Find every line below with the string "sigma" and pick it out.

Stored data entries
==========
(* Let $\mathcal D$ be a distribution on $\mathcal X^k\times\mathbb R$, and let $\mathcal X=\mathcal X_{seen}\sqcup\mathcal X_{uns}$ where $\mathcal X_{seen}$ is the smallest set with $x\in\mathcal X_{seen}^k$ almost surely for $(x,y)\sim\mathcal D$. For any number of SGD steps $t$ and any step sizes $\eta_1,\dots,\eta_t>0$, and any $x_1,x_2\in\mathcal X_{uns}^k$, $$\mathbb E_{\theta^t}[f_{\mathrm{MLP}}(x_1;\theta^t)]=\mathbb E_{\theta^t}[f_{\mathrm{MLP}}(x_2;\theta^t)]$$ (indeed $f_{\mathrm{MLP}}(x_1;\theta^t)$ and $f_{\mathrm{MLP}}(x_2;\theta^t)$ have the same distribution), whenever these expectations exist.
   Context: $\mathcal X$ is a finite token alphabet with $m=|\mathcal X|$. The MLP with depth $L$, width $d$ and differentiable activation $\phi$ has weights $\theta=\{W_1,\dots,W_L,w\}$ with $W_1\in\mathbb R^{d\times km}$, $W_\ell\in\mathbb R^{d\times d}$ ($\ell\ge2$), $w\in\mathbb R^d$, and outputs $f_{\mathrm{MLP}}(x;\theta)=w^Tz_L(x;\theta)$ where $z_0(x)=(e_{x_1},\dots,e_{x_k})\in\mathbb R^{km}$ (concatenated one-hot encodings) and $z_\ell(x;\theta)=\phi(W_\ell z_{\ell-1}(x;\theta))$ elementwise for $\ell\ge1$. One-pass SGD: $\theta^0$ has independent Gaussian entries, i.i.d. within each of $W_1^0,\dots,W_L^0,w^0$; then $\theta^s=\theta^{s-1}-\eta_s\nabla_\theta(f_{\mathrm{MLP}}(x^s;\theta)-y^s)^2|_{\theta=\theta^{s-1}}$ with fresh independent samples $(x^s,y^s)\sim\mathcal D$. *)

From HB Require Import structures.
From mathcomp Require Import all_boot all_order all_algebra.
From mathcomp Require Import all_classical all_reals all_analysis.
Set Implicit Arguments. Unset Strict Implicit. Unset Printing Implicit Defensive.
Import Order.TTheory GRing.Theory Num.Theory.
Local Open Scope ring_scope.
Local Open Scope classical_set_scope.

(** Token alphabet: a finite type [X] (so m = #|X|), with a witness [x0]
    (used only to equip the input space with a pointed/measurable structure).
    Inputs x in X^k are finite functions 'I_k -> X. *)
Definition inp (X : finType) (x0 : X) (k : nat) : Type := {ffun 'I_k -> X}.
HB.instance Definition _ (X : finType) (x0 : X) k := Finite.on (inp x0 k).
HB.instance Definition _ (X : finType) (x0 : X) k :=
  isPointed.Build (inp x0 k) [ffun=> x0].
HB.instance Definition _ (X : finType) (x0 : X) k :=
  @isMeasurable.Build default_measure_display (inp x0 k) discrete_measurable
   discrete_measurable0 discrete_measurableC discrete_measurableU.

(** Index type of the parameters theta = {W_1, W_2..W_L, w}:
    - inl (inl (j, (i, a))) : entry (j, (i,a)) of W_1 in R^{d x km}, the column
      (i,a) being the position of coordinate a of the one-hot block e_{x_i};
    - inl (inr (l, (j, j'))) : entry (j, j') of W_{l+2}, l : 'I_(L-1);
    - inr j : entry j of w. *)
Definition pidx (X : finType) (k d L : nat) : finType :=
  (('I_d * ('I_k * X)) + ('I_L.-1 * ('I_d * 'I_d)) + 'I_d)%type.

Section MLP.
Variables (R : realType) (X : finType) (x0 : X) (k d L : nat) (phi : R -> R).
Notation P := (pidx X k d L).
Notation param := (P -> R).

(** z_0(x) = (e_{x_1},...,e_{x_k}) in R^{km}. *)
Definition z0 (x : inp x0 k) (c : 'I_k * X) : R := ((x c.1 == c.2) : nat)%:R.

(** zh theta x n = z_{n+1}(x; theta). *)
Fixpoint zh (theta : param) (x : inp x0 k) (n : nat) : 'I_d -> R :=
  match n with
  | 0 => fun j => phi (\sum_(c : 'I_k * X) theta (inl (inl (j, c))) * z0 x c)
  | n'.+1 => fun j =>
      match (insub n' : option 'I_L.-1) with
      | Some l => phi (\sum_(j' : 'I_d) theta (inl (inr (l, (j, j')))) * zh theta x n' j')
      | None => 0
      end
  end.

Definition f_mlp (theta : param) (x : inp x0 k) : R :=
  \sum_(j : 'I_d) theta (inr j) * zh theta x L.-1 j.

Definition sqloss (z : inp x0 k * R) (theta : param) : R :=
  (f_mlp theta z.1 - z.2) ^+ 2.

Definition grad (F : param -> R) (theta : param) (p : P) : R :=
  derive1 (fun s : R => F (fun q => theta q + (if q == p then s else 0))) 0.

Fixpoint sgd (theta0 : param) (eta : nat -> R) (smp : nat -> inp x0 k * R)
  (n : nat) : param :=
  match n with
  | 0 => theta0
  | n'.+1 => let th := sgd theta0 eta smp n' in
      fun p => th p - eta n * grad (sqloss (smp n)) th p
  end.

(** Per-block parameter of the Gaussian initialisation (i.i.d. within each
    of W_1, W_2, ..., W_L, w). *)
Definition blockwise (a1 : R) (ah : 'I_L.-1 -> R) (aw : R) (p : P) : R :=
  match p with
  | inl (inl _) => a1
  | inl (inr (l, _)) => ah l
  | inr _ => aw
  end.

End MLP.

(** X_seen: the smallest S with x in S^k almost surely (intersection of all
    such S; the family is closed under intersection since X is finite). *)
Definition seen (R : realType) (X : finType) (x0 : X) (k : nat)
  (D : probability (inp x0 k * R)%type R) : {set X} :=
  [set a : X | [forall S : {set X},
     (D [set z : inp x0 k * R | forall i, z.1 i \in S] == 1%E) ==> (a \in S)]].

From HB Require Import structures.
From mathcomp Require Import all_boot all_order all_algebra perm.
From mathcomp Require Import all_classical all_reals all_analysis measurable_realfun.
Set Implicit Arguments.
Unset Strict Implicit.
Unset Printing Implicit Defensive.

Import Order.TTheory GRing.Theory Num.Theory numFieldNormedType.Exports.
Local Open Scope ring_scope.
Local Open Scope classical_set_scope.

(* At every position i, the transposition of the tokens x1 i and x2 i acts on
   inputs and, by permuting the columns of W_1, on parameters, so that
   f(theta o sigma, x) = f(theta, swap x) and swap x2 = x1.  The training inputs
   almost surely use seen tokens only, which the swap fixes; hence each gradient
   step commutes with sigma and SGD started at theta0 o sigma ends at
   theta^t o sigma.  Since sigma only permutes entries of W_1, which are i.i.d.,
   (theta0 o sigma, samples) has the same law as (theta0, samples).  Therefore
   f(x1; theta^t) = F(theta0 o sigma, samples) has the law of
   F(theta0, samples) = f(x2; theta^t), where F runs SGD and evaluates at x2. *)

Section InputSwap.
Variables (R : realType) (X : finType) (x0 : X) (k d L : nat) (phi : R -> R).
Variables (x1 x2 : inp x0 k).
Notation P := (pidx X k d L).

Definition swap_input (x : inp x0 k) : inp x0 k :=
  [ffun i => tperm (x1 i) (x2 i) (x i)].

Definition swap_column (c : 'I_k * X) : 'I_k * X :=
  (c.1, tperm (x1 c.1) (x2 c.1) c.2).

Definition swap_param (p : P) : P :=
  if p is inl (inl (j, c)) then inl (inl (j, swap_column c)) else p.

Lemma swap_columnK : involutive swap_column.
Proof. by case=> i a; rewrite /swap_column /= tpermK. Qed.

Lemma swap_paramK : involutive swap_param.
Proof. by case=> [[[j c]|//]|//] /=; rewrite swap_columnK. Qed.

Lemma swap_input_x2 : swap_input x2 = x1.
Proof. by apply/ffunP => i; rewrite ffunE tpermR. Qed.

Lemma swap_input_id (x : inp x0 k) :
  (forall i, x1 i != x i) -> (forall i, x2 i != x i) -> swap_input x = x.
Proof. by move=> x1x x2x; apply/ffunP => i; rewrite ffunE tpermD. Qed.

Lemma blockwise_swap_param (a : R) (b : 'I_L.-1 -> R) (c : R) (p : P) :
  blockwise a b c (swap_param p) = blockwise a b c p.
Proof. by case: p => [[[j [i a']]|[l jj]]|j]. Qed.

Lemma z0_swap (x : inp x0 k) (c : 'I_k * X) :
  z0 R (swap_input x) (swap_column c) = z0 R x c.
Proof. by case: c => i a; rewrite /z0 /swap_column /= ffunE (inj_eq perm_inj). Qed.

Lemma zh_swap_param (theta : P -> R) (x : inp x0 k) n j :
  zh phi (theta \o swap_param) x n j = zh phi theta (swap_input x) n j.
Proof.
elim: n j => [|n IH] j /=.
  congr (phi _); rewrite [RHS](reindex_inj (can_inj swap_columnK)) /=.
  by apply: eq_bigr => c _; rewrite z0_swap.
case: (insub n) => [l|//]; congr (phi _).
by apply: eq_bigr => j' _; rewrite IH.
Qed.

Lemma f_mlp_swap_param (theta : P -> R) (x : inp x0 k) :
  f_mlp phi (theta \o swap_param) x = f_mlp phi theta (swap_input x).
Proof. by apply: eq_bigr => j _; rewrite zh_swap_param. Qed.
==========
◆ Expected answer
   f(theta o sigma, x) = f(theta, swap x) and swap x2 = x1.  The training inputs
   step commutes with sigma and SGD started at theta0 o sigma ends at
   theta^t o sigma.  Since sigma only permutes entries of W_1, which are i.i.d.,
   (theta0 o sigma, samples) has the same law as (theta0, samples).  Therefore
   f(x1; theta^t) = F(theta0 o sigma, samples) has the law of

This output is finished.